*Task to carry out*. Among the records below, find the line that has "Lemma twisted_conj_ainv x"; from there, give the lines again exactly, and stop after the line that has "(** * Reduction".
━━ Exercise inputs ━━
Lemma twisted_conj_trans x y z : twisted_conj x y -> twisted_conj y z -> twisted_conj x z.
Proof. by move=> [w ->] [v ->]; exists (w * v); rewrite af_mul ginvM !gmulA. Qed.

Lemma twisted_conj_af x : twisted_conj x (af x).
Proof. by exists (ginv x); rewrite afV ginvK -gmulA gmulgV gmulg1. Qed.

Lemma twisted_conj_ainv x : twisted_conj x (ai x).
Proof. by exists (ai x); rewrite ainv_K gmulVg gmul1g. Qed.

Lemma twisted_conj_apow k x : twisted_conj x (apow psi k x).
Proof.
have twisted_conj_iter f : (forall u, twisted_conj u (f u)) ->
    forall n, twisted_conj x (iter n f x).
  move=> Hf; elim=> [|n IH] /=; last exact: twisted_conj_trans IH (Hf _).
  by exists one; rewrite af1 ginv1 gmul1g gmulg1.
by case: k => n; apply: twisted_conj_iter; [exact: twisted_conj_af | exact: twisted_conj_ainv].
Qed.

End Group.

(** * Reduction to the conjugacy problem of the semidirect product *)

(* Index [0] of [sd_gens] is [t], so a word over [S] is read over [sd_gens]
   by shifting every index by one. *)
Definition shift_letter (l : nat * bool) : nat * bool := (l.1.+1, l.2).
Definition lift_word (w : word) : word := map shift_letter w.
Definition t_word (w : word) : word := (0, false) :: lift_word w.
Arguments t_word : simpl never.

Definition lift_K (c : klass) : Kin c -> Kin c :=
  match c with
  | FG => map lift_word
  | Coset => fun yh => (lift_word yh.1, map lift_word yh.2)
  end.

Definition lift_instance (c : klass) (i : Kin c * word) : Kin c * word :=
  (lift_K i.1, lift_word i.2).

Definition t_instance (i : Kin Coset * word) : Kin Coset * word :=
  ((t_word i.1.1, map lift_word i.1.2), t_word i.2).

Lemma computable_shift_letter : computable shift_letter.
Proof.
exists (RComp radd [:: P0; P0]), (fun n => n + n); split=> [n | [i b]].
  exact: reval_comp2 (evProj 0 [:: n]) (evProj 0 [:: n]) (reval_radd n n).
by rewrite !pickle_letter !code_cons /= expnS -mulnA mul2n addnn.
Qed.
Lemma walk_set_covered v : v \in C ->
  ((v \in covered Np) = (v != b)) * ((v \in covered N) = (v != e.1)).
Proof.
case/andP: walk_end_covered => eNp eN.
case/walk_setP=> [->|->|/andP[vN vNp]]; rewrite ?eqxx ?bN ?eNp ?(negbTE bNp) ?(negbTE eN).
- by split=> //; apply/esym/eqP=> be; move: bNp; rewrite be eNp.
- by split=> //; apply/esym/eqP=> eb; move: bNp; rewrite -eb eNp.
- rewrite vN vNp; split; apply/esym/eqP=> vE.
    by move: bNp; rewrite -vE vNp.
  by move: eN; rewrite -vE vN.
Qed.

Lemma covered_walk_swap :
  (b |: covered (swap N Np C) = e.1 |: covered N) *
  (e.1 |: covered (swap Np N C) = b |: covered Np).
Proof.
split; apply/setP=> v; rewrite !in_setU1.
  rewrite (covered_swap g_irr gp_irr hN hNp walk_set_mateN walk_set_mateNp).
  have [vC|vC] := ifPn; first by rewrite !walk_set_covered //; case: eqP; case: eqP.
  by rewrite (negbTE (memPnC vC _ start_in_walk)) (negbTE (memPnC vC _ end_in_walk)).
rewrite (covered_swap gp_irr g_irr hNp hN walk_set_mateNp walk_set_mateN).
have [vC|vC] := ifPn; first by rewrite !walk_set_covered //; case: eqP; case: eqP.
by rewrite (negbTE (memPnC vC _ start_in_walk)) (negbTE (memPnC vC _ end_in_walk)).
Qed.

Lemma walk_end_owner : owner b = p -> owner e.1 = p.
Proof.
move=> bp; have [eW|eW] := boolP (e.1 \in W); first exact: W_owner.
apply/eqP/negPn/negP=> ep; case/andP: walk_end_covered => eNp eN.
have C_W v : v \in C -> v \notin W.
  move=> vC; have [-> //|ve] := eqVneq v e.1.
  have vN : v \in covered N by rewrite (walk_set_covered vC).2.
  exact: g_notin (mate_rel g_irr g_sym hN vN).
have [cov1 cov2] := covered_walk_swap.
have hS1 : is_matching g (swap N Np C).
  by apply: (swap_matching hN hNp) => // u v r uC vC; apply: gp_out; rewrite ?C_W.
have hS2 : is_matching gp (swap Np N C).
  by apply: (swap_matching hNp hN) => // u v /g_sub.
have bS1 : b \notin covered (swap N Np C).
  by rewrite (covered_swap g_irr gp_irr hN hNp walk_set_mateN walk_set_mateNp) start_in_walk.
have eS2 : e.1 \notin covered (swap Np N C).
  by rewrite (covered_swap gp_irr g_irr hNp hN walk_set_mateNp walk_set_mateN) end_in_walk.
have lt1 := lex_le_nmatched_index (s_all _) _ bS1 eN cov1
  (N_lex (maximum_matching_cover g_irr N_max hS1 bS1 eN cov1)).
have lt2 := lex_le_nmatched_index (sp_all _) _ eS2 bNp cov2
  (Np_lex (maximum_matching_cover gp_irr Np_max hS2 eS2 bNp cov2)).
rewrite bp eq_sym in lt1 lt2; have := p_priority ep (lt1 ep).
by rewrite ltnNge ltnW ?lt2.
Qed.

End WalkFrom.

Lemma nmatched_exchange : nmatched owner N p <= nmatched owner Np p.
Proof.
pose f v := if v \in covered Np then v else (walk_end alt_mate (v, true)).1.
have f_inj : {in [set v in covered N | owner v == p] &, injective f}.
  move=> u v; rewrite !inE /f => /andP[uN _] /andP[vN _].
  case: ifP => uNp; case: ifP => vNp // E.
  - by have /andP[_] := walk_end_covered vN (negbT vNp); rewrite -E uN.
  - by have /andP[_] := walk_end_covered uN (negbT uNp); rewrite E vN.
  apply: (walk_end_inj alt_mate_inv (mate_id (negbT uNp)) (mate_id (negbT vNp))).
  rewrite [walk_end _ (u, true)]surjective_pairing [walk_end _ (v, true)]surjective_pairing.
  by rewrite !walk_end_dir ?E ?uN ?vN ?uNp ?vNp.
rewrite /nmatched -(card_in_imset f_inj); apply/subset_leq_card/subsetP=> _ /imsetP[v vA ->].
move: vA; rewrite !inE /f => /andP[vN /eqP vp]; case: ifP => vNp; first by rewrite vNp vp eqxx.
by case/andP: (walk_end_covered vN (negbT vNp)) => -> _; rewrite walk_end_owner ?vp ?eqxx ?vNp.
Qed.

End Exchange.

Lemma sorted_nonincr_index (T : eqType) (f : T -> nat) (s : seq T) x y :
  sorted (fun u v => f v <= f u) s -> x \in s -> y \in s ->
  index x s <= index y s -> f y <= f x.
Proof.
move=> s_sorted xs ys; apply: (sorted_leq_index _ _ s_sorted) => // u v w vu wv.
exact: leq_trans wv vu.
Qed.

Section Game.
Variables (n : nat) (V : finType) (owner : V -> 'I_n) (adj : rel V).
Hypotheses (adj_sym : symmetric adj) (adj_irr : irreflexive adj).

Lemma intr_irr R q : irreflexive (intr owner adj R q).
Proof. by move=> u; rewrite /intr adj_irr !andbF. Qed.

Lemma ext_rem_irr R M : irreflexive (ext_rem owner adj R M).
Proof. by move=> u; rewrite /ext_rem /extr adj_irr !andbF. Qed.

Lemma ext_rem_sym R M : symmetric (ext_rem owner adj R M).
Proof.
move=> u v; rewrite /ext_rem /extr adj_sym [owner v == _]eq_sym.
by do 2!case: (_ \in R); do 2!case: (_ \in all_covered M); rewrite ?andbF.
Qed.

Lemma ext_rem_owner R M u v : ext_rem owner adj R M u v -> owner u != owner v.
Proof. by case/and3P=> /and4P[]. Qed.

(* An external edge has exactly one endpoint owned by q, so incident edges and matched
   vertices of q are in bijection. *)
Lemma card_incident R M N q : is_matching (ext_rem owner adj R M) N ->
  #|incident owner N q| = nmatched owner N q.
Proof.
move=> hN; have N_irr := ext_rem_irr R M.
have -> : incident owner N q = [set [set v; mate N v] | v in [set v in covered N | owner v == q]].
  apply/setP=> e; rewrite inE; apply/andP/imsetP => [[eN /existsP[v /andP[ve vq]]] | [v]].
    exists v; last exact: proj1 (mateP N_irr hN eN ve).
    by rewrite inE vq andbT; apply/coveredP; exists e.
  rewrite inE => /andP[vN vq] ->; split; first exact: (mate_edge N_irr hN vN).
  by apply/existsP; exists v; rewrite !inE eqxx.
apply: card_in_imset => u v; rewrite !inE => /andP[uN /eqP uq] /andP[vN /eqP vq] E.
have : v \in [set u; mate N u] by rewrite E !inE eqxx.
rewrite !inE => /orP[/eqP -> // | /eqP vE].
have := ext_rem_owner (mate_rel N_irr (ext_rem_sym R M) hN uN).
by rewrite -vE uq vq eqxx.
Qed.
━━━
*Task result*.
Lemma twisted_conj_ainv x : twisted_conj x (ai x).
Proof. by exists (ai x); rewrite ainv_K gmulVg gmul1g. Qed.

Lemma twisted_conj_apow k x : twisted_conj x (apow psi k x).
Proof.
have twisted_conj_iter f : (forall u, twisted_conj u (f u)) ->
    forall n, twisted_conj x (iter n f x).
  move=> Hf; elim=> [|n IH] /=; last exact: twisted_conj_trans IH (Hf _).
  by exists one; rewrite af1 ginv1 gmul1g gmulg1.
by case: k => n; apply: twisted_conj_iter; [exact: twisted_conj_af | exact: twisted_conj_ainv].
Qed.

End Group.

(** * Reduction to the conjugacy problem of the semidirect product *)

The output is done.